5

Introduction

The Schwartzian transform -- also known as map-sort-map or decorate-sort-undecorate (DSU) --, attributed to Randal Schwartz of the Perl community, sorts elements of a list or array by a metric which maps each element to its “sort value”.

Example for those who are not familiar with the Schwartzian transform

For instance in Python 2.4 and above, both the sorted() function and the in-place list.sort() method take a key parameter that allows us to provide a special "key function".

This function is simply called on each list element before making comparisons and thus cleverly avoids computing the criterion value every time.

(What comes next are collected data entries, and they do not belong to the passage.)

Lemma one_outer_root_perturb {R : rcfType} (p h : {poly R[i]}) :
  p \is monic -> (size h < size p)%N -> (forall z, root p z -> mup z p = 1%N) ->
  (forall t : R, inversion_stable_roots (p + t%:C *: h)) ->
  exists2 d : R, 0 < d & forall t : R, `|t| < d ->
    (one_outer_root (p + t%:C *: h) <-> one_outer_root p).
Proof.
move=> p_monic h_small p_simple q_inv.
have [zs pE] := monic_prod_roots p_monic.
have zs_uniq : uniq zs.
  by apply: uniq_simple_roots => z zzs; rewrite -pE p_simple // pE root_prod_XsubC.
have [rho [rho_gt0 rho_le zs_sep zs_off]] := root_separation_radius zs.
pose M := 1 + \sum_(z <- zs) normc h.[z].
have h_le z : z \in zs -> normc h.[z] <= M.
  move=> zzs; rewrite /M (big_rem z zzs) /= addrCA lerDl addr_ge0 //.
  by rewrite sumr_ge0 // => *; exact: normc_ge0.
have M_gt0 : 0 < M by rewrite ltr_pwDl // sumr_ge0 // => z _; exact: normc_ge0.
exists (rho ^+ size zs / M); first by rewrite divr_gt0 // exprn_gt0.
move=> t t_small.
have [ws qE] := monic_prod_roots (monicDZl t%:C p_monic h_small).
set q := p + t%:C *: h in qE *.
have size_ws : size ws = size zs.
  apply/succn_inj; rewrite -(size_prod_XsubC ws id) -(size_prod_XsubC zs id).
  by rewrite -qE -pE size_polyDZl.
have near : {in zs, forall z, exists2 w, w \in ws & normc (z - w) < rho}.
  move=> z zzs; apply: exists_root_near; first exact: ltW.
  have pz : p.[z] = 0 by apply/rootP; rewrite pE root_prod_XsubC.
  rewrite -qE size_ws hornerD hornerZ pz add0r normcM normc_real.
  rewrite ltr_pdivlMr // in t_small.
  by apply: le_lt_trans t_small; rewrite ler_wpM2l ?h_le.
have zs_sep2 : {in zs &, forall z1 z2, normc (z1 - z2) < rho *+ 2 -> z1 = z2}.
  by move=> z1 z2 z1s z2s d; apply: zs_sep => //; lra.
have [phi [ws_uniq ws_perm phi_near]] :=
  roots_matching zs ws rho zs_uniq size_ws zs_sep2 near.
have root_q w : root q w = (w \in map phi zs).
  by rewrite qE root_prod_XsubC (perm_mem ws_perm).
have outer := outer_root_stable (q_inv t) root_q rho_le zs_sep zs_off phi_near.
rewrite qE pE !one_outer_root_count // (permP ws_perm) count_map.
by rewrite (eq_in_count outer).
Qed.

Lemma reciprocalDZl {T : nzRingType} (p q : {poly T}) (a : T) :
  reciprocal p -> reciprocal (p + q) -> (size q < size p)%N ->
  reciprocal (p + a *: q).
Proof.
move=> [p0 p_sym] [_ pq_sym] q_small.
have size_pq : size (p + q) = size p by rewrite size_polyDl.
have size_paq := size_polyDZl a q_small.
split; first by rewrite -size_poly_gt0 size_paq size_poly_gt0.
rewrite size_paq => i le_i.
have q_sym : q`_i = q`_((size p).-1 - i).
  by have := pq_sym i; rewrite size_pq !coefD (p_sym i le_i) => /(_ le_i)/addrI.
by rewrite !coefD !coefZ (p_sym i le_i) q_sym.
Qed.

Lemma reciprocal_map {S T : nzRingType} (f : S -> T) (p : {poly S}) :
  injective f -> f 0 = 0 -> reciprocal p -> reciprocal (map_poly f p).
Proof.
move=> f_inj f0 [p0 p_sym]; have size_fp := size_map_inj_poly f_inj f0 p.
split; first by rewrite -size_poly_gt0 size_fp size_poly_gt0.
by rewrite size_fp => i le_i; rewrite !coef_map_id0 // p_sym.
Qed.

Lemma horner_reciprocal {F : fieldType} {p : {poly F}} {x : F} :
  reciprocal p -> x != 0 -> p.[x^-1] * x ^+ (size p).-1 = p.[x].
Proof.
move=> [p0 p_sym] x0; set n := (size p).-1.
have size_p : size p = n.+1 by rewrite prednK // size_poly_gt0.
rewrite !horner_coef size_p mulr_suml [RHS](reindex_inj rev_ord_inj) /=.
apply: eq_bigr => i _; rewrite subSS.
have le_i : (i <= n)%N by rewrite -ltnS.
rewrite (p_sym i le_i) -mulrA; congr (_ * _).
have -> : x ^+ n = x ^+ (n - i) * x ^+ i by rewrite -exprD subnK.
by rewrite exprVn mulrCA mulVf ?expf_neq0 // mulr1.
Qed.

Lemma reciprocal_rootV {F : fieldType} (p : {poly F}) x :
  reciprocal p -> root p x -> root p x^-1.
Proof.
move=> p_rec; have [-> | x0] := eqVneq x 0; first by rewrite invr0.
rewrite /root -(horner_reciprocal p_rec x0) mulf_eq0.
by rewrite expf_eq0 (negbTE x0) andbF orbF.
Qed.

Lemma polyRC_rootJ {R : realType} (p : {poly R}) w :
  root (polyRC p) w -> root (polyRC p) w^*.
Proof.
have pJ : map_poly conjc (polyRC p) = polyRC p.
  by rewrite -map_poly_comp; apply: eq_map_poly => x /=; exact: conjc_real.
by move=> /rootP pw; apply/rootP; rewrite -pJ horner_map pw rmorph0.
Qed.

Lemma polyRC_inversion_stable {R : realType} (p : {poly R}) :
  reciprocal p -> inversion_stable_roots (polyRC p).
Proof.
move=> p_rec w /polyRC_rootJ; apply: reciprocal_rootV.
exact: reciprocal_map (@complexI R) (rmorph0 _) p_rec.
Qed.

Lemma itv_locally_constant {R : realType} (P : R -> Prop) (a b : R) : a <= b ->
  (forall x, a <= x <= b ->
     exists2 d, 0 < d & forall y, `|y - x| < d -> (P y <-> P x)) ->
  P a -> P b.
Proof.
move=> ab P_loc Pa.
pose A (t : R) := a <= t <= b /\ forall e, a <= e <= t -> P e.
have Aa : A a.
  split=> [|e /andP[ae ea]]; first by rewrite lexx ab.
  by have -> : e = a by apply/eqP; rewrite eq_le ae ea.
have A_sup : classical_sets.has_sup A by split; [exists a | exists b => t [/andP[]]].
set s := sup A.
have a_s : a <= s by exact: sup_upper_bound A_sup a Aa.
have s_b : s <= b by apply: ge_sup; [exists a | move=> t [/andP[]]].
have [d d_gt0 Pd] := P_loc s (introT andP (conj a_s s_b)).
have [t At s_t] := sup_adherent d_gt0 A_sup; rewrite -/s in s_t.
have t_s : t <= s by exact: sup_upper_bound A_sup t At.
have [/andP[a_t _] Pt] := At.
have P_below e : a <= e -> e < s + d -> P e.
  move=> a_e e_sd; have [e_t | t_e] := lerP e t; first by apply: Pt; rewrite a_e e_t.
  have Ps : P s.
    apply/(Pd t); last by apply: Pt; rewrite a_t lexx.
    by rewrite ltr_norml; apply/andP; split; lra.
  by apply/(Pd e) => //; rewrite ltr_norml; apply/andP; split; lra.
have [b_sd | sd_b] := ltrP b (s + d); first exact: P_below.
have : A (s + d / 2).
  split=> [|e /andP[a_e e_sd]]; first by apply/andP; split; lra.
  by apply: P_below; lra.
by move=> /(sup_upper_bound A_sup); rewrite -/s; lra.
Qed.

In other words, sorting a (Python) list of strings case-insensitive:

>>> sortList = ["the", "Schwartzian", "Transform", "rocks"]

>>> sortList.sort(key = lambda e: e.lower())
['rocks', 'Schwartzian', 'the', 'Transform']

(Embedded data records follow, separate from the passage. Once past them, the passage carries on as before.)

(* Consider $R_0(s)=\int_0^{\bar\theta}J(\theta)s(\theta)\,dF(\theta)$. The following are equivalent: (a) $J$ is nondecreasing on $\Theta$; (b) for all nondecreasing $s,\hat s:\Theta\to[0,1]$ with $\hat s\in\mathrm{MPS}(s)$, $R_0(s)\ge R_0(\hat s)$ (offering more positional-good levels, i.e., a finer allocation, always weakly increases revenue); (c) full separation $s=F$ maximizes $R_0$ over $\mathcal S(0)$.
   Context: Let $0<\bar\theta<\infty$, $\Theta=[0,\bar\theta]$, $F$ a cdf on $\Theta$ with continuous, strictly positive density $f$, $dF=f\,d\theta$, and $J(\theta)=\theta-\frac{1-F(\theta)}{f(\theta)}$. For bounded measurable $a,b$ on $\Theta$, write $b\in\mathrm{MPS}(a)$ if $\int_x^{\bar\theta}b\,dF\le\int_x^{\bar\theta}a\,dF$ for all $x\in\Theta$, with equality at $x=0$. $\mathcal S(0)$ is the set of nondecreasing $s:\Theta\to[0,1]$ with $s\in\mathrm{MPS}(F)$ (feasible interim statuses when exclusion is impossible and the lowest level is free). $R_0(s)$ is the seller's revenue in this setting. *)

From Stdlib Require Import Reals.
From Coquelicot Require Import Coquelicot.
Open Scope R_scope.

Definition inTheta (tb x : R) : Prop := 0 <= x <= tb.

Definition Jv (F f : R -> R) (t : R) : R := t - (1 - F t) / f t.

(* integral of b against dF = f dtheta over [x, tb] *)
Definition intdF (f b : R -> R) (x tb : R) : R := RInt (fun t => b t * f t) x tb.

Definition MPS (tb : R) (f a b : R -> R) : Prop :=
  (forall x, inTheta tb x -> intdF f b x tb <= intdF f a x tb) /\
  intdF f b 0 tb = intdF f a 0 tb.

Definition nondec01 (tb : R) (s : R -> R) : Prop :=
  (forall x, inTheta tb x -> 0 <= s x <= 1) /\
  (forall x y, 0 <= x -> x <= y -> y <= tb -> s x <= s y).

Definition S0 (tb : R) (F f s : R -> R) : Prop := nondec01 tb s /\ MPS tb f F s.

Definition Rev0 (tb : R) (F f s : R -> R) : R :=
  RInt (fun t => Jv F f t * s t * f t) 0 tb.

From Stdlib Require Import Reals Lra Lia.
From Coquelicot Require Import Coquelicot.
Open Scope R_scope.

(* Since [R_0(s) = \int J s dF], the revenue lost by spreading [s] into [sh] is
   [\int J (s - sh) dF].  When [J] is nondecreasing it is [J 0] plus a superposition of
   indicators of upper intervals [[x, tb]], and on each of them the spread condition says
   [\int_x (sh - s) dF <= 0]: a second mean value inequality.  Conversely, if [J x > J y]
   with [x < y], pooling [F] on a short interval just above [x] raises the status there and
   pooling it just below [y] lowers it; a mixture of the two that preserves the total mass
   is a spread of [F] and, by continuity of [J], earns more than full separation. *)

(* Coquelicot states these with the generic [plus], [scal] and module carriers; the
   instances below rewrite and apply directly to real integrands. *)
Lemma ex_RInt_plus_R (f g : R -> R) a b :
  ex_RInt f a b -> ex_RInt g a b -> ex_RInt (fun t => f t + g t) a b.
Proof. exact (ex_RInt_plus f g a b). Qed.

Lemma ex_RInt_minus_R (f g : R -> R) a b :
  ex_RInt f a b -> ex_RInt g a b -> ex_RInt (fun t => f t - g t) a b.
Proof. exact (ex_RInt_minus f g a b). Qed.

Lemma ex_RInt_scal_R (f : R -> R) k a b : ex_RInt f a b -> ex_RInt (fun t => k * f t) a b.
Proof. exact (ex_RInt_scal f a b k). Qed.

Lemma ex_RInt_ext_R (f g : R -> R) a b :
  (forall t, Rmin a b < t < Rmax a b -> f t = g t) -> ex_RInt f a b -> ex_RInt g a b.
Proof. exact (ex_RInt_ext f g a b). Qed.

Lemma RInt_plus_R (f g : R -> R) a b : ex_RInt f a b -> ex_RInt g a b ->
  RInt (fun t => f t + g t) a b = RInt f a b + RInt g a b.
Proof. exact (RInt_plus f g a b). Qed.

Lemma RInt_minus_R (f g : R -> R) a b : ex_RInt f a b -> ex_RInt g a b ->
  RInt (fun t => f t - g t) a b = RInt f a b - RInt g a b.
Proof. exact (RInt_minus f g a b). Qed.

Lemma RInt_scal_R (f : R -> R) k a b : ex_RInt f a b -> RInt (fun t => k * f t) a b = k * RInt f a b.
Proof. exact (RInt_scal f a b k). Qed.

Lemma RInt_ext_R (f g : R -> R) a b :
  (forall t, Rmin a b < t < Rmax a b -> f t = g t) -> RInt f a b = RInt g a b.
Proof. exact (RInt_ext f g a b). Qed.

Lemma RInt_Chasles_R (f : R -> R) a b c : ex_RInt f a b -> ex_RInt f b c ->
  RInt f a b + RInt f b c = RInt f a c.
Proof. exact (RInt_Chasles f a b c). Qed.

Lemma is_RInt_ext_R (f g : R -> R) a b l :
  (forall t, Rmin a b < t < Rmax a b -> f t = g t) -> is_RInt f a b l -> is_RInt g a b l.
Proof. exact (is_RInt_ext f g a b l). Qed.

Lemma is_RInt_0_R a b : is_RInt (fun _ : R => 0) a b 0.
Proof.
  pose proof (is_RInt_const (V := R_NormedModule) a b 0) as H.
  change (scal (b - a) 0) with ((b - a) * 0) in H. rewrite Rmult_0_r in H. exact H.
Qed.

Lemma ex_RInt_sub (g : R -> R) a b u v : a <= u -> u <= v -> v <= b ->
  ex_RInt g a b -> ex_RInt g u v.
Proof.
  intros Hau Huv Hvb Hg.
  apply (ex_RInt_Chasles_1 g u v b); [lra|].
  apply (ex_RInt_Chasles_2 g a u b); [lra | exact Hg].
Qed.

Lemma RInt_eq_0 (g : R -> R) a b : a <= b -> (forall t, a < t < b -> g t = 0) -> RInt g a b = 0.
Proof.
  intros Hab Hg. rewrite (RInt_ext g (fun _ => 0)).
  - rewrite RInt_const. apply Rmult_0_r.
  - intros t Ht. rewrite Rmin_left, Rmax_right in Ht by lra. apply Hg; lra.
Qed.

Lemma continuous_near (g : R -> R) x eps : continuous g x -> 0 < eps ->
  exists r, 0 < r /\ forall t, Rabs (t - x) < r -> Rabs (g t - g x) < eps.
Proof.
  intros Hc Heps.
  destruct (proj1 (filterlim_locally g (g x)) Hc (mkposreal eps Heps)) as [r Hr].
  exists r. split; [apply cond_pos | exact Hr].
Qed.

Definition clamp (a b t : R) : R := Rmax a (Rmin b t).

Lemma clamp_id a b t : a <= t <= b -> clamp a b t = t.
Proof. unfold clamp, Rmax, Rmin. intros. repeat destruct Rle_dec; lra. Qed.

Lemma clamp_in a b t : a <= b -> a <= clamp a b t <= b.
Proof. unfold clamp, Rmax, Rmin. intros. repeat destruct Rle_dec; lra. Qed.

Lemma clamp_lipschitz a b t u : Rabs (clamp a b t - clamp a b u) <= Rabs (t - u).
Proof.
  unfold clamp, Rmax, Rmin. repeat destruct Rle_dec; unfold Rabs; repeat destruct Rcase_abs; lra.
Qed.

Definition nondecreasing_on (a b : R) (h : R -> R) : Prop :=
  forall x y, a <= x -> x <= y -> y <= b -> h x <= h y.

Definition step (c v : R) : R := if Rle_dec c v then 1 else 0.

(* [L + d * levels_below L d n v] is [v] rounded down to the grid [L + d * k], [k <= n]. *)
Fixpoint levels_below (L d : R) (n : nat) (v : R) : R :=
  match n with
  | O => 0
  | S k => levels_below L d k v + step (L + INR (S k) * d) v
  end.

Lemma levels_below_top L d n v : 0 < d -> L + INR n * d <= v -> levels_below L d n v = INR n.
Proof.
  intros Hd. induction n as [|n IH]; intros Hv; [reflexivity|].
  cbn [levels_below]. rewrite S_INR in *. rewrite IH by nra.
  unfold step. destruct Rle_dec; lra.
Qed.

Lemma levels_below_approx L d n v : 0 < d -> L <= v < L + (INR n + 1) * d ->
  L + d * levels_below L d n v <= v < L + d * levels_below L d n v + d.
Proof.
  intros Hd. induction n as [|n IH]; intros Hv; [simpl in *; lra|].
  cbn [levels_below]. unfold step. rewrite S_INR in *.
  destruct Rle_dec as [Hle|Hlt].
  - rewrite levels_below_top by nra. lra.
  - specialize (IH ltac:(lra)). lra.
Qed.

Section NondecreasingWeight.

Variables (a b : R) (h g : R -> R).
Hypothesis Hab : a <= b.
Hypothesis Hh : nondecreasing_on a b h.
Hypothesis Hg : ex_RInt g a b.

(* The upper set [{t | c <= h t}] is an interval with right end [b]. *)
Lemma is_RInt_step_mult c :
  exists x0, a <= x0 <= b /\ is_RInt (fun t => step c (h t) * g t) a b (RInt g x0 b).
Proof.
  set (E := fun t => t = a \/ (a <= t <= b /\ h t < c)).
  assert (HE : bound E) by (exists b; intros t [->|[Ht _]]; lra).
  destruct (completeness E HE (ex_intro _ a (or_introl eq_refl))) as [x0 [Hub Hlub]].
  assert (Hax0 : a <= x0) by (apply Hub; left; reflexivity).
  assert (Hx0b : x0 <= b) by (apply Hlub; intros t [->|[Ht _]]; lra).
  assert (Hlow : forall t, a < t < x0 -> step c (h t) = 0).
  { intros t Ht. unfold step. destruct Rle_dec as [Hct|]; [exfalso|reflexivity].
    enough (x0 <= t) by lra.
    apply Hlub. intros e [->|[He Hhe]]; [lra|].
    destruct (Rle_dec e t) as [|Hte]; [assumption|].
    enough (h t <= h e) by lra. apply Hh; lra. }
  assert (Hup : forall t, x0 < t <= b -> step c (h t) = 1).
  { intros t Ht. unfold step. destruct Rle_dec; [reflexivity|exfalso].
    enough (t <= x0) by lra. apply Hub. right. split; lra. }
  exists x0. split; [lra|].
  replace (RInt g x0 b) with (plus 0 (RInt g x0 b)) by (apply Rplus_0_l).
  apply (is_RInt_Chasles (V := R_NormedModule) _ a x0 b).
  - apply (is_RInt_ext_R (fun _ => 0)).
    + intros t Ht. rewrite Rmin_left, Rmax_right in Ht by lra.
      rewrite Hlow by lra. ring.
    + apply is_RInt_0_R.
  - apply (is_RInt_ext_R g).
    + intros t Ht. rewrite Rmin_left, Rmax_right in Ht by lra.
      rewrite Hup by lra. ring.
    + apply (RInt_correct (V := R_CompleteNormedModule)), (ex_RInt_sub g a b); lra || assumption.
Qed.

Lemma is_RInt_levels_below_mult L d n :
  exists I, is_RInt (fun t => levels_below L d n (h t) * g t) a b I /\
    ((forall x, a <= x <= b -> RInt g x b <= 0) -> I <= 0).
Proof.
  induction n as [|n [I [HI HIneg]]].
  - exists 0. split; [|lra].
    apply (is_RInt_ext_R (fun _ => 0)); [intros; simpl; ring|].
    apply is_RInt_0_R.
  - destruct (is_RInt_step_mult (L + INR (S n) * d)) as [x0 [Hx0 Hstep]].
    exists (I + RInt g x0 b). split.
    + apply (is_RInt_ext_R (fun t => levels_below L d n (h t) * g t
                                   + step (L + INR (S n) * d) (h t) * g t)).
      * intros. cbn [levels_below]. ring.
      * apply (is_RInt_plus (fun t => levels_below L d n (h t) * g t)); assumption.
    + intros Htails. specialize (HIneg Htails). specialize (Htails x0 Hx0). lra.
Qed.

End NondecreasingWeight.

This could be also split into the 3 basic steps Schwartz suggests:

#1:  Turn the list into an array of references to pairs
>>> temp = [(e.upper(), e) for e in sortList]
>>> temp
[('THE', 'the'), ... , ('TRANSFORM', 'Transform'), ('ROCKS', 'rocks')]

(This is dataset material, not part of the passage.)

(* Let $M$ be an involutive monoid. The tuple category $T(M)$ has the structure of a $\mathcal{D}_{\mathbf{Cat}}$-algebra; that is, it is an $E_\infty$-algebra in $\mathbf{Cat}$.
   Context: An involutive monoid is a monoid $M$ with a map $m\mapsto\overline m$ with $\overline{\overline m}=m$, $\overline{mn}=\overline n\,\overline m$, $\overline 1=1$. Let $C_2=\{1,t\}$. The category $\Delta H_+$: objects $[n]=\{0,\dots,n\}$ for $n\ge -1$ (with $[-1]=\emptyset$); a morphism $f:[n]\to[m]$ is a map of sets with a total order on each fibre $f^{-1}(i)$ and a $C_2$-label on each element of $[n]$; the composite $g\circ f$ has fibre over $i$ equal to the concatenation, in the order of $g^{-1}(i)$, of the fibres $f^{-1}(j)$, each replaced by $f^{-1}(j)^t$ (order reversed, labels multiplied by $t$) when $j$ has label $t$ in $g$. For $f:[p-1]\to[q-1]$ and $\mathbf m=(m_0,\dots,m_{p-1})\in M^p$, let $\mathsf{H}_M(f)(\mathbf m)=(b_0,\dots,b_{q-1})$ with $b_i$ the product, in the order of $f^{-1}(i)$, of $m_x$ (label $1$) or $\overline{m_x}$ (label $t$), empty product $1$. The tuple category $T(M)$ has as objects all finite (possibly empty) tuples of elements of $M$; for each $f\in\mathrm{Hom}_{\Delta H_+}([p-1],[q-1])$, $p,q\ge0$, and $\mathbf m\in M^p$ there is a morphism $(f,\mathbf m):\mathbf m\to\mathsf H_M(f)(\mathbf m)$, composition being induced by composition in $\Delta H_+$. The categorical Barratt–Eccles operad $\mathcal D_{\mathbf{Cat}}$ has $\mathcal D_{\mathbf{Cat}}(m)=\mathbb E\Sigma_m$ (objects the elements of $\Sigma_m$, a unique morphism between any two objects), with composition on objects $(\sigma,\tau_1,\dots,\tau_m)\mapsto\tau_{\sigma^{-1}(1)}\times\cdots\times\tau_{\sigma^{-1}(m)}$ (block permutation), and $\Sigma_m$ acting by right multiplication; it is an $E_\infty$-operad in $\mathbf{Cat}$ with the Thomason model structure. *)

From mathcomp Require Import all_boot.
Set Implicit Arguments. Unset Strict Implicit. Unset Printing Implicit Defensive.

#2: Sort this list by the second elements
>>> temp.sort()

#3: Turn the sorted list back into one one value list
>>> sortList = [e[1] for e in temp]   
>>> sortList
['rocks', 'Schwartzian', 'the', 'Transform']

The Question

Now I wonder if other well-known programming languages like C++, C#1), Java, JavaScript, VisualBasic and so on provide Schwartzian transform like interface too or is a "workaround" (a own implementation rather than a language feature) needed instead like this sample in C#:

var unsorted = new string[] { "the", "Schwartzian", "Transform", "rocks"};
var sorted = unsorted.Select(word => new { word, lower = word.ToLower() })
                     .OrderBy(t => t.lower)
                     .Select(t => t.word)
                     .ToArray();

1) As far as I know it’s possible using the Linq syntax

10
  • 4
    I'm pretty sure C++'s std::sort and Javascript's Array.prototype.sort both take an optional comparison function, and Java takes an optional Comparator. Granted these are things which take two arguments and declare which one is smaller, but that seems like it serves the same purpose as assigning a sort key on every element. Is the issue just that guaranteeing these sort keys only get computed once might be more efficient than a comparison function in some cases? (personally this isn't a problem I've ever run into)
    – Ixrec
    Feb 21, 2016 at 0:21
  • 2
    You would have to ask the language designers and implementers to get "the" answer to your question. Feb 21, 2016 at 0:21
  • 2
    .NET will allow you to add a Comparer argument to the SortBy method. msdn.microsoft.com/en-us/library/bb549422(v=vs.110).aspx Feb 21, 2016 at 0:32
  • 3
    C#'s unsorted.OrderBy(t => t.ToLower()) looks like Schwarzian transform to me.
    – Lie Ryan
    Feb 21, 2016 at 5:50
  • 3
    @elegent: C#'s OrderBy() only calls the key function once for every item in the list, you can test it yourself. Putting Select() around OrderBy() is unnecessary.
    – Lie Ryan
    Feb 22, 2016 at 0:49

5 Answers 5

3

C++ normally uses < to specify sort order and this makes its sort interface more complicated, but still somewhat similar:

std::sort(
    vec.begin(), vec.end(), [](auto s1, auto s2) { return to_lower(s1) < to_lower(s2); });

Also note that std::sort modifies the original collection, it does not produce a new one.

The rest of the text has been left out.